In [None]:
import numpy as np
import pandas as pd

import matplotlib.pyplot as plt
%matplotlib inline
from mpl_toolkits.basemap import Basemap

import plotly.plotly as py
import plotly.graph_objs as go

import seaborn as sns
sns.set_style('whitegrid')

from subprocess import check_output
print(check_output(["ls", "../input"]).decode("utf8"))

In [None]:
# GLT_City = pd.read_csv('../input/climate-change-earth-surface-temperature-data/GlobalLandTemperaturesByCity.csv')
# GLT_City.info()
# GLT_City.tail()

In [None]:
# import datetime
# GLT_City['dt'] = pd.to_datetime(GLT_City['dt'])

In [None]:
# GLT_City['year'], GLT_City['month'] = GLT_City['dt'].dt.year, GLT_City['dt'].dt.month
# GLT_City.head()

In [None]:
# sns.jointplot(x='month', y='AverageTemperature', data = GLT_City[(GLT_City['Country'] == 'Netherlands') | (GLT_City['year'] >= '2013')])

## Read and clean data

In [None]:
# Terrorism database
t_data = pd.read_csv('../input/gtd/globalterrorismdb_0617dist.csv', encoding='ISO-8859-1',
                    usecols=[0, 1, 2, 3, 7, 8, 9, 10, 11, 12, 13, 14, 15, 19, 20, 21, 26, 28, 29, 34, 35, 36, 58, 68, 69, 81, 98, 101, 104, 134]) 

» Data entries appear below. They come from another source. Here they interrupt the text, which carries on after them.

(* Let $X$ be a nonempty set and let $g,g_1\in\Gamma(X)$ with $g$ of height at least $2$. Writing $u\approx v$ for $[u]=[v]$ in $FT^1(X)$: (i) $g\approx g^cg\approx gg^c\approx gg^lg\approx gg^rg$ and $g^rgg^l\approx g^rg^cg^l$; (ii) $[gg^r],[gg^l],[g^rg],[g^lg]$ are idempotents of $FT(X)$; (iii) $[g^lg]\,\mathcal L\,[g^rg]\,\mathcal L\,[g]\,\mathcal R\,[gg^r]\,\mathcal R\,[gg^l]$ in $FT(X)$; (iv) $[g]\in S([g^rg^c],[g^cg^l])$; (v) $g_1\approx\beta_1(g_1)$.
   Context: Let $1$ be a symbol not in $X$. Elements of height $\ge 2$ are triples $g=(g^l,g^c,g^r)$; $\Gamma_0(X)=\{1\}$, $\Gamma_1(X)=X$, each $x\in X$ identified with $(1,x,1)$ (so $x^l=x^r=1$, $x^c=x$); for $i\ge 2$, $\Gamma_i(X)$ is the set of triples $g\in\Gamma_{i-1}(X)\times\Gamma_{i-2}(X)\times\Gamma_{i-1}(X)$ with $g^l\neq g^r$ and $g^c\in\{(g^l)^l,(g^l)^r\}\cap\{(g^r)^l,(g^r)^r\}$; $\Gamma(X)=\bigcup_{i\ge0}\Gamma_i(X)$, height of $g$ = the $i$ with $g\in\Gamma_i(X)$. Let $\rho$ be the smallest congruence on $\Gamma(X)^+$ containing $(1g,g),(g1,g),(gg,g)$ for all $g\in\Gamma(X)$ and $(g^cg^lg,g)$, $(gg^rg^c,g)$, $(g^rg^cgg^cg^l,g^rg^cg^l)$ for all $g$ of height $\ge2$. $FT^1(X)=\Gamma(X)^+/\rho$, $[u]$ the class of $u$, $FT(X)=FT^1(X)\setminus\{[1]\}$. For a word $w=x_1\cdots x_m$ over $\{l,c,r\}$, $g^{w}=(\cdots((g^{x_1})^{x_2})\cdots)^{x_m}$, e.g. $g^{c^{k}l}=((g^c)^{\cdots c})^l$ with $k$ letters $c$; $g^{c^0}=g$. For $g\neq1$: if $g$ has height $2n$, $\beta_1(g)=g^{c^n}g^{c^{n-1}l}g^{c^{n-1}}\cdots g^cg^lgg^rg^c\cdots g^{c^{n-1}}g^{c^{n-1}r}g^{c^n}$; if $g$ has height $2n+1$, $\beta_1(g)=1\,g^{c^n}g^{c^{n-1}l}g^{c^{n-1}}\cdots g^cg^lgg^rg^c\cdots g^{c^{n-1}}g^{c^{n-1}r}g^{c^n}\,1$; and $\beta_1(1)=1$. $S(e,f)=\{h\in E: fh=h=he,\ ehf=ef\}$ is the sandwich set of idempotents $e,f$; $\mathcal L,\mathcal R$ are Green's relations. *)

From Stdlib Require Import List.
Import ListNotations.
Set Implicit Arguments.

Section Free.
Variable X : Type.

(* Raw terms: the symbol 1, generators x (identified with (1,x,1)), triples. *)
Inductive tm : Type :=
| One : tm
| Gen : X -> tm
| Tri : tm -> tm -> tm -> tm.

Definition pl (t : tm) : tm :=
  match t with One => One | Gen _ => One | Tri l _ _ => l end.
Definition pc (t : tm) : tm :=
  match t with One => One | Gen x => Gen x | Tri _ c _ => c end.
Definition pr (t : tm) : tm :=
  match t with One => One | Gen _ => One | Tri _ _ r => r end.

Fixpoint inG (n : nat) (t : tm) {struct n} : Prop :=
  match n with
  | 0 => t = One
  | 1 => exists x, t = Gen x
  | S (S i as j) =>
      exists l c r, t = Tri l c r /\ inG j l /\ inG i c /\ inG j r /\
        l <> r /\ (c = pl l \/ c = pr l) /\ (c = pl r \/ c = pr r)
  end.

Definition inGamma (t : tm) : Prop := exists i, inG i t.

Fixpoint cpow (k : nat) (g : tm) : tm :=
  match k with 0 => g | S m => pc (cpow m g) end.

# Fill empty cells with proper value
t_data['nkill'] = t_data['nkill'].fillna(0).astype(int)
t_data['nwound'] = t_data['nwound'].fillna(0).astype(int)
t_data['victims'] = t_data.nwound + t_data.nkill

#Population density database
popdens = pd.read_csv('../input/world-population/API_EN.POP.DNST_DS2_en_csv_v2.csv', skiprows=[0,1,2], index_col='Country Name')

#Transposing table
popdensT = popdens.drop(popdens.columns[[0,1,2,3,59,60]], axis=1)
popdensT = popdensT.T

In [None]:
t_data.columns

### RESULT
The data mainly consists of categorical data, data analysis will be concerned with counting occurences of the categorical varaibles. There are however two non-categorical integer variables, namelijk; 'nkill' and 'nwound' which play an important role in the predictions. The rows included in the analysis constitude to pointing to the location of the attacks as well as the goal and means of the attacks. Finally, the result is evaluated by the 'success'-variable and 'nkill' and 'nwound'-variables.

# ATTACKS OVER TIME
## Total number of attacks over time

In [None]:
region_dictionary = {1: 'North America', 2: 'Central America & Carribean', 3: 'South America',
                     4: 'East Asia', 5: 'Southeast Asia', 6: 'South Asia', 7: 'Central Asia',
                     8: 'Western Europe', 9: 'Eastern Europe', 10: 'Middle East and North Africa',
                     11: 'Sub-Saharan Africa', 12: 'Australasia and Oceania'}

In [None]:
def multi_graph(result,result_list, xmin, xmax, ymin, ymax):
    fig2, ax2 = plt.subplots(figsize = (15,8))
    number = 1 #the for-loop in append_list processes the regions in order from 1 to 12
    for j in result_list:
        ax2.plot(j.index, j.eventid, label = '%s ' % region_dictionary[number] )
        number += 1

    plt.xlim([xmin,xmax])
    plt.ylim([ymin,ymax])
    plt.xlabel('year')
    plt.ylabel('number of attacks')
    plt.title(result)
    ax2.legend(loc = 'center', frameon = True, edgecolor = 'black',bbox_to_anchor =(1.2,0.4))


success_list = []
failure_list = []

for i in region_dictionary:
    region_data = t_data[(t_data.region == i)]
    region_data_success = region_data[(region_data.success == 1)]
    region_data_failure = region_data[(region_data.success == 0)]
    region_grouped_success = region_data_success.groupby('iyear').count()
    region_grouped_failure = region_data_failure.groupby('iyear').count()

    
    success_list.append(region_grouped_success)
    failure_list.append(region_grouped_failure)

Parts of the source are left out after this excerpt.